From the records below, copy out exactly the lines from the one containing "End Invariance." to the one containing "by apply: contrapT", both included. Add nothing else.
++++++++++
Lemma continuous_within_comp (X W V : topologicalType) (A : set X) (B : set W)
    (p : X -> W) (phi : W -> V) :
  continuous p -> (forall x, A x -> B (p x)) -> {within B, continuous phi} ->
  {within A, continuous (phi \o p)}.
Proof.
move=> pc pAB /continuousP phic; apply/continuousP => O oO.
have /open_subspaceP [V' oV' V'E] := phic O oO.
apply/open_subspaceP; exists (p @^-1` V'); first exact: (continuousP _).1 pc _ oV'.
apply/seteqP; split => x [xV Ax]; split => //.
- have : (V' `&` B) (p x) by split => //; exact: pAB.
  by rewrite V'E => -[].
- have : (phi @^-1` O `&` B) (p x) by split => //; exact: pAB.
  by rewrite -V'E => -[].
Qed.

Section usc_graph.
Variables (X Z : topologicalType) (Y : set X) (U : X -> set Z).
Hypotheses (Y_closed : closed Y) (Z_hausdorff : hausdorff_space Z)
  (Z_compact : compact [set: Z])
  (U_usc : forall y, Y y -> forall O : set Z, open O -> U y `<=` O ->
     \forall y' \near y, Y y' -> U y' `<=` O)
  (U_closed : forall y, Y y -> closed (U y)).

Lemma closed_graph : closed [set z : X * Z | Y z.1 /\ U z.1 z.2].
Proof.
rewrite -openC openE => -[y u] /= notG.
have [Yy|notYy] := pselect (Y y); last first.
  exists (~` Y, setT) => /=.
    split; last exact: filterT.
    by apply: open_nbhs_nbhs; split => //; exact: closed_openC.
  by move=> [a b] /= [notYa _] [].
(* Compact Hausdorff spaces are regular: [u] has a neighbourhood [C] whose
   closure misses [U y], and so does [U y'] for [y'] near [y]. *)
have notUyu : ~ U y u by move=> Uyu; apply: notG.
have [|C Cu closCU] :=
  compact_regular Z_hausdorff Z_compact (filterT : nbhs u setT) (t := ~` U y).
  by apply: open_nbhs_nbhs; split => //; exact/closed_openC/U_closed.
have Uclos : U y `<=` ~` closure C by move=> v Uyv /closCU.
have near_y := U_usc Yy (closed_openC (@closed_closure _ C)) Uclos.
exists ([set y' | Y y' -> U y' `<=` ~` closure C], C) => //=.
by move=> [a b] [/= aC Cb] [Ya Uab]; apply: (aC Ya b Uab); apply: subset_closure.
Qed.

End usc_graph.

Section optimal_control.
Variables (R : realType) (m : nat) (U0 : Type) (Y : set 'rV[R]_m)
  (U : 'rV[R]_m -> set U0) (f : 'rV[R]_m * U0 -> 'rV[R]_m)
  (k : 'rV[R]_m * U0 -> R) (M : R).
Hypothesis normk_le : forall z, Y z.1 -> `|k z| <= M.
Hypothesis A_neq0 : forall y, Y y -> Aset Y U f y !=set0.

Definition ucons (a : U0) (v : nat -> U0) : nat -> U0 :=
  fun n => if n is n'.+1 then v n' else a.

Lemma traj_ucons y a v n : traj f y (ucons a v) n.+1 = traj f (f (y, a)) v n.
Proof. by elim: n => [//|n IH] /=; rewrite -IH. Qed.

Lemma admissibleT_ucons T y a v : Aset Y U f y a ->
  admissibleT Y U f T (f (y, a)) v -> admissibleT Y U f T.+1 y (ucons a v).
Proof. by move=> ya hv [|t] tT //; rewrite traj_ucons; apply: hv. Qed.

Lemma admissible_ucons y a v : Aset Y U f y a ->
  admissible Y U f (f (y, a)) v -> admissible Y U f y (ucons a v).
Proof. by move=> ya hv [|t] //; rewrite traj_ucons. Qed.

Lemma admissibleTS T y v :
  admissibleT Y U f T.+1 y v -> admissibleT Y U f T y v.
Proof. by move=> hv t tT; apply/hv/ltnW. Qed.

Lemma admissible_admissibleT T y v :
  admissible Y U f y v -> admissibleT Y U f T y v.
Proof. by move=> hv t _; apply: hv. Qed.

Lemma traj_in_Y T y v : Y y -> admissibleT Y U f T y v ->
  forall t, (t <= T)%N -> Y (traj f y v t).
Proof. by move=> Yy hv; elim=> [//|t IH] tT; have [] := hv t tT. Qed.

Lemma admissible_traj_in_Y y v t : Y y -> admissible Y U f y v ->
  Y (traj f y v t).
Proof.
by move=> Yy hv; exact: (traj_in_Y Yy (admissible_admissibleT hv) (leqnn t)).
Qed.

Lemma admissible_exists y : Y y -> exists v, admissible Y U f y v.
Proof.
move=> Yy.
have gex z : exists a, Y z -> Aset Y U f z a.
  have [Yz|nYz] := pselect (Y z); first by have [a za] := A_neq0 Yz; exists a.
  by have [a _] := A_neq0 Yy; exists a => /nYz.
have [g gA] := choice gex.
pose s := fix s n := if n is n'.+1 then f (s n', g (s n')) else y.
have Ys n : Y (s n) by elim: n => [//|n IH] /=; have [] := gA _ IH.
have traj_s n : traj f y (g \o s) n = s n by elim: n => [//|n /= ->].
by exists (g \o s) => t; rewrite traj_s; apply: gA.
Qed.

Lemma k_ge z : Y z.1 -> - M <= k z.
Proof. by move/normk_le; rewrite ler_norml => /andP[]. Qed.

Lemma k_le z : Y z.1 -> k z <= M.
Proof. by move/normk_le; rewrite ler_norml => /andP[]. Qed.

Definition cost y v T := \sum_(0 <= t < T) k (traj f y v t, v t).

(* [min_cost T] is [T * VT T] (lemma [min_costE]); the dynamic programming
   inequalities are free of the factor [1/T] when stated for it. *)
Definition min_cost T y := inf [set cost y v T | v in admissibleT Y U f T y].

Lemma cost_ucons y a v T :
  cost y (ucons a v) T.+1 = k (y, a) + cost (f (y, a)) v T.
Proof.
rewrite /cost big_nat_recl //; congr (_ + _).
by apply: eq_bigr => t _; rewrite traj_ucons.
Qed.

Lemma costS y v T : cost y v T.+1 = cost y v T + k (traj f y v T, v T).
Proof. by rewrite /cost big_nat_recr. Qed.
++++++++++
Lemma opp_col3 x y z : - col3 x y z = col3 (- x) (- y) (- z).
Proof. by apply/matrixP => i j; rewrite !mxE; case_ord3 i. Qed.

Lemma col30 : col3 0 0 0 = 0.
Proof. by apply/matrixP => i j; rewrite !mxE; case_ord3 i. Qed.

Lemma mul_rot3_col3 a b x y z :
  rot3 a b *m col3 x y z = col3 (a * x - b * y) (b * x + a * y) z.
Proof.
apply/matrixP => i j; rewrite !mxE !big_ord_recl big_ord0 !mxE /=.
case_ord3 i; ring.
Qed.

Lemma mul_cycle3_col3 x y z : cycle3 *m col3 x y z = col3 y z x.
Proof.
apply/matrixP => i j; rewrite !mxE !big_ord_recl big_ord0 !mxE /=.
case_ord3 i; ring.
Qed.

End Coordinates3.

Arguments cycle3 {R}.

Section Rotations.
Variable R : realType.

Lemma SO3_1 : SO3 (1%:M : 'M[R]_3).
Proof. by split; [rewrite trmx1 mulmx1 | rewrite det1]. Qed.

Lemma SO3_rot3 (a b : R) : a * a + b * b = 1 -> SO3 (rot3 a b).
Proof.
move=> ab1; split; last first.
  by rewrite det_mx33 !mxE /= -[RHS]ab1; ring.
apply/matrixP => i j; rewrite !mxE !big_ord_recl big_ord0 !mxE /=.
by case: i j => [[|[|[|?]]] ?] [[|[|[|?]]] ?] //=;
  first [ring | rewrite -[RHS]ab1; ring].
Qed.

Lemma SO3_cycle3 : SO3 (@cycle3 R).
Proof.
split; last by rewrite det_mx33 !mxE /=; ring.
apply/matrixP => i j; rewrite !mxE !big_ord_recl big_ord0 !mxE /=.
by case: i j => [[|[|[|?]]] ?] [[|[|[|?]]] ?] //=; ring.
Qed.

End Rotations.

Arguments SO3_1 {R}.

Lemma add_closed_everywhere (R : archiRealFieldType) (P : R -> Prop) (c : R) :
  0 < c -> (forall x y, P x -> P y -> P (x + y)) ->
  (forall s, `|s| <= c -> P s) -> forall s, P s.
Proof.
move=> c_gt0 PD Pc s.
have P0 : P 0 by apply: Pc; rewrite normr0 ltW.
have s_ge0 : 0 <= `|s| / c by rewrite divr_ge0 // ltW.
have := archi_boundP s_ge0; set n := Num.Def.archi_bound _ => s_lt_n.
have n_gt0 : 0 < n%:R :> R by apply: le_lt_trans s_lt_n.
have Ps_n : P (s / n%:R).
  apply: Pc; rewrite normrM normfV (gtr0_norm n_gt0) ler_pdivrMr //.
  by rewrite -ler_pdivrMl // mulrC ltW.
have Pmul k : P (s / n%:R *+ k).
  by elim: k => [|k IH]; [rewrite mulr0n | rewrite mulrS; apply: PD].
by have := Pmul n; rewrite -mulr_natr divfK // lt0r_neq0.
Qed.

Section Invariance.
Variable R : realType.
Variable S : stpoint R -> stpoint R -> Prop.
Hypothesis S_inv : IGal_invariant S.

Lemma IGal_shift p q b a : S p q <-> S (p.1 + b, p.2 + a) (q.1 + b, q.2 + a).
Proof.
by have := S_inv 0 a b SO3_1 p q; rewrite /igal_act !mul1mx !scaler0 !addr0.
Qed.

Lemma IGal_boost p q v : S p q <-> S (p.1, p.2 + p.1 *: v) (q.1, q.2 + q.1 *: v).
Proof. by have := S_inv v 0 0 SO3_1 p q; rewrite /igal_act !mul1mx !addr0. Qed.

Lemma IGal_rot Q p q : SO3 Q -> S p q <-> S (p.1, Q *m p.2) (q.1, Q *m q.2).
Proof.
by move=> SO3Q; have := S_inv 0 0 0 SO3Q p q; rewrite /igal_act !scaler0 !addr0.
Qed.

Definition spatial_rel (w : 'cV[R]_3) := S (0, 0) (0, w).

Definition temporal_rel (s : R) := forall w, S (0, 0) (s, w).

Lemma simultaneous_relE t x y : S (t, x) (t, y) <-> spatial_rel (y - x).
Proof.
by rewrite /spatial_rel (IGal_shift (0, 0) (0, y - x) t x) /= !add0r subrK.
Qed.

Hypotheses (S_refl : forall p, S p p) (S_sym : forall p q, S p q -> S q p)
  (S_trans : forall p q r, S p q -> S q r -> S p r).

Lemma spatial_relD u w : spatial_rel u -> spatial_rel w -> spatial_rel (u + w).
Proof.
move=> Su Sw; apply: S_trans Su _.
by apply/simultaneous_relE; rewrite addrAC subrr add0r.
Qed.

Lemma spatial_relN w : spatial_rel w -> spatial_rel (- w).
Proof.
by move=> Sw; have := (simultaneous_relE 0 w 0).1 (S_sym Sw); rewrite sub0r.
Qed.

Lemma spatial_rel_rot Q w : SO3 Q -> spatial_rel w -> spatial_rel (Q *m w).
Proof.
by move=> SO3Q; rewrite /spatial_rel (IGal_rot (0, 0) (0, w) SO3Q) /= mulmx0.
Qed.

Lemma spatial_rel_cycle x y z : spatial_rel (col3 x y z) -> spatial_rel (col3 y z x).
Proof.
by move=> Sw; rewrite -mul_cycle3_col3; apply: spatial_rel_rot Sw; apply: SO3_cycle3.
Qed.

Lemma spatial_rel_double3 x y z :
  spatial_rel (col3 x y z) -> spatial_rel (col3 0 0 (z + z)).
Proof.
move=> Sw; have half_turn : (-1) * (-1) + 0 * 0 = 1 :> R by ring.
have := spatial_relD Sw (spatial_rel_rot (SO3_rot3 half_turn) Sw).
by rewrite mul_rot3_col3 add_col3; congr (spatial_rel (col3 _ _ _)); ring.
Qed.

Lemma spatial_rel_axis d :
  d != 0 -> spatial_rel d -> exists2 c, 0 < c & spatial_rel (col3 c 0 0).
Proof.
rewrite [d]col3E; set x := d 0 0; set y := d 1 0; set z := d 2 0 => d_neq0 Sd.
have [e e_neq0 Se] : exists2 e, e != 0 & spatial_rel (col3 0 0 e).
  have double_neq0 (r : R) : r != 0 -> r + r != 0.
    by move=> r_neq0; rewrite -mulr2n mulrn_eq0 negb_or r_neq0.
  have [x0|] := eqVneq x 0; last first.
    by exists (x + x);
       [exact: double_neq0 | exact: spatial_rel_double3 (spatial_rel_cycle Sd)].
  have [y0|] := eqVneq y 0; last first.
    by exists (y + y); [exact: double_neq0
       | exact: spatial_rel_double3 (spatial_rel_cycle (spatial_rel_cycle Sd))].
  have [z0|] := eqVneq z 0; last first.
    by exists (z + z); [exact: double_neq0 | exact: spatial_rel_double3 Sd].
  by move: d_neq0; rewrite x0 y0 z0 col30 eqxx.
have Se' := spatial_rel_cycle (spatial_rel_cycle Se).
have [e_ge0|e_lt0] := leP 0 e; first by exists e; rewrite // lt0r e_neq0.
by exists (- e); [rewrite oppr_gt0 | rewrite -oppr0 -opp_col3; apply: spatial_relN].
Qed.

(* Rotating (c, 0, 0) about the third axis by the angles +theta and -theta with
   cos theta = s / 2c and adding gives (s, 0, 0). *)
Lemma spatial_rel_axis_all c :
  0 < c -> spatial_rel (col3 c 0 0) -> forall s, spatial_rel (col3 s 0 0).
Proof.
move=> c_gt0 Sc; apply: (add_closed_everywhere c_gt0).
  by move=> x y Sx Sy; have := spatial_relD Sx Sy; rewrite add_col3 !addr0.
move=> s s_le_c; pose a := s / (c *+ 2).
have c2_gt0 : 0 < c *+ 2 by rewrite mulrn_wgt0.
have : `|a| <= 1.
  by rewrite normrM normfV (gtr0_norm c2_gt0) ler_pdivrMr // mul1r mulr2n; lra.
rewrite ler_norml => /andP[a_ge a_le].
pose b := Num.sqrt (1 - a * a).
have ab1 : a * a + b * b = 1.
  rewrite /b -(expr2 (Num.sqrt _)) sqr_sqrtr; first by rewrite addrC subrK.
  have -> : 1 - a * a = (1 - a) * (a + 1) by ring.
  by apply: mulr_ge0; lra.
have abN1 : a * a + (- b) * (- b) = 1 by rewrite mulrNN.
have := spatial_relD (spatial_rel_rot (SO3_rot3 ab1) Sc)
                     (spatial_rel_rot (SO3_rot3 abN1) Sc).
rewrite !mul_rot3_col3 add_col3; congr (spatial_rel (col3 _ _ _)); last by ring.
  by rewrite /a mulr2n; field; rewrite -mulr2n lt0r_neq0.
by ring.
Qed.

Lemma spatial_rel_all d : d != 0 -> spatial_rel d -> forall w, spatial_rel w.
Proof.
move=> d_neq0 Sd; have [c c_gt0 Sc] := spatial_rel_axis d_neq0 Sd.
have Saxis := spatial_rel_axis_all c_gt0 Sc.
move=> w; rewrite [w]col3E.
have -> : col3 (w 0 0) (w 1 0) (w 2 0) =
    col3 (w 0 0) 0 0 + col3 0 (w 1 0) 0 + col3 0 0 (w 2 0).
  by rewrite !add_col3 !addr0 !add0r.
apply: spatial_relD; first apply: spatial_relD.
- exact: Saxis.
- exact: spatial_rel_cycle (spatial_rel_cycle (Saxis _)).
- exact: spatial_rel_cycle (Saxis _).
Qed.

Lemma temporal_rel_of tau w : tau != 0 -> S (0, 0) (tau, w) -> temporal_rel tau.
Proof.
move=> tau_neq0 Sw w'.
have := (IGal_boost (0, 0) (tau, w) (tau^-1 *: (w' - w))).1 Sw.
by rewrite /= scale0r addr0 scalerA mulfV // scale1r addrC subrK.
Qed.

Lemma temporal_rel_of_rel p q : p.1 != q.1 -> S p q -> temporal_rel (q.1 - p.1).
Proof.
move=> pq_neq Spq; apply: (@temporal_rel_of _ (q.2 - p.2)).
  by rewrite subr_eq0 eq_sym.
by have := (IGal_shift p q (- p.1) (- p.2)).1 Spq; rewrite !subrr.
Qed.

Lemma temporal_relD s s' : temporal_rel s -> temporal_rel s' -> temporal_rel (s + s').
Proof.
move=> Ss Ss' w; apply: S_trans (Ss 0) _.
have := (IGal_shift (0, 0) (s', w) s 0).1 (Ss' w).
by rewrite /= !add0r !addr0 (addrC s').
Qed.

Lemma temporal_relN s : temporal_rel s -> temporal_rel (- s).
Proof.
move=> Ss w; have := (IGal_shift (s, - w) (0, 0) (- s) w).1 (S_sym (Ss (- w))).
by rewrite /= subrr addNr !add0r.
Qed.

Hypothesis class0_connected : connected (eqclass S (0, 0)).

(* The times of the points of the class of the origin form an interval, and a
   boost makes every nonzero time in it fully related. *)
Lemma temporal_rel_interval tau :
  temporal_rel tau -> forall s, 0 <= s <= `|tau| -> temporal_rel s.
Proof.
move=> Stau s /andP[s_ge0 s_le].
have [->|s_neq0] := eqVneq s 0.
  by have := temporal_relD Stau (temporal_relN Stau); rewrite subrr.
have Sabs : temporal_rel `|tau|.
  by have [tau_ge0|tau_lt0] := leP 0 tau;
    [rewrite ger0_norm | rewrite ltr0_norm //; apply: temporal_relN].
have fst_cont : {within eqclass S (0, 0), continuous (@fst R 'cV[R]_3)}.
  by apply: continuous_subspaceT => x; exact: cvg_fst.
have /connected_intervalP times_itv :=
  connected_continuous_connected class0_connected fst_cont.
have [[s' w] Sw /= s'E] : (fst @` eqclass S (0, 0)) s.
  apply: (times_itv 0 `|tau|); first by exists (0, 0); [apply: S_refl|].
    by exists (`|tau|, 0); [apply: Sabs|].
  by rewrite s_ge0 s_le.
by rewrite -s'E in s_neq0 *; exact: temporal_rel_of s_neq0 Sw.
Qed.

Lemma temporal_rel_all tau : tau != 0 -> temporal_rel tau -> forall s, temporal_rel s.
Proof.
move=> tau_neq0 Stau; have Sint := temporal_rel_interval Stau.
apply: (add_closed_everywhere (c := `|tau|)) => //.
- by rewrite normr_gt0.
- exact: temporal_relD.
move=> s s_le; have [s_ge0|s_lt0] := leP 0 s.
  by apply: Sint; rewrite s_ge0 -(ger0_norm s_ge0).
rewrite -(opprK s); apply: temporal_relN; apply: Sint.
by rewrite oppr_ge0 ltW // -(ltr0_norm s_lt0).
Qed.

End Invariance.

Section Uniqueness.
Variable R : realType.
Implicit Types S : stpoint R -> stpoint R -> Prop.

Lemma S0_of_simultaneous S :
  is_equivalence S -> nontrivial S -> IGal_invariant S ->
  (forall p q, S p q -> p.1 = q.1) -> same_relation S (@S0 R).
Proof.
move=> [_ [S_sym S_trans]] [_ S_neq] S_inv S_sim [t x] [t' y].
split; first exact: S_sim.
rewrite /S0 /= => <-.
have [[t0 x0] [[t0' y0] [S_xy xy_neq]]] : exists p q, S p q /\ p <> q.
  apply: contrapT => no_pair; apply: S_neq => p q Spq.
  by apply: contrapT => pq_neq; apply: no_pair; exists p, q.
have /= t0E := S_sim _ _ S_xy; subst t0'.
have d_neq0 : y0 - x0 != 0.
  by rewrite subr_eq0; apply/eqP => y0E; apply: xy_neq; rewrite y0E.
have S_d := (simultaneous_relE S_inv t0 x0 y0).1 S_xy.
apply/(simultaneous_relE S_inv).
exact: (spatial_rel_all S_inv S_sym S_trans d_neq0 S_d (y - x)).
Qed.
++++++++++
#### EXERCISE RESPONSE:
End Invariance.

Section Uniqueness.
Variable R : realType.
Implicit Types S : stpoint R -> stpoint R -> Prop.

Lemma S0_of_simultaneous S :
  is_equivalence S -> nontrivial S -> IGal_invariant S ->
  (forall p q, S p q -> p.1 = q.1) -> same_relation S (@S0 R).
Proof.
move=> [_ [S_sym S_trans]] [_ S_neq] S_inv S_sim [t x] [t' y].
split; first exact: S_sim.
rewrite /S0 /= => <-.
have [[t0 x0] [[t0' y0] [S_xy xy_neq]]] : exists p q, S p q /\ p <> q.
  apply: contrapT => no_pair; apply: S_neq => p q Spq.
  by apply: contrapT => pq_neq; apply: no_pair; exists p, q.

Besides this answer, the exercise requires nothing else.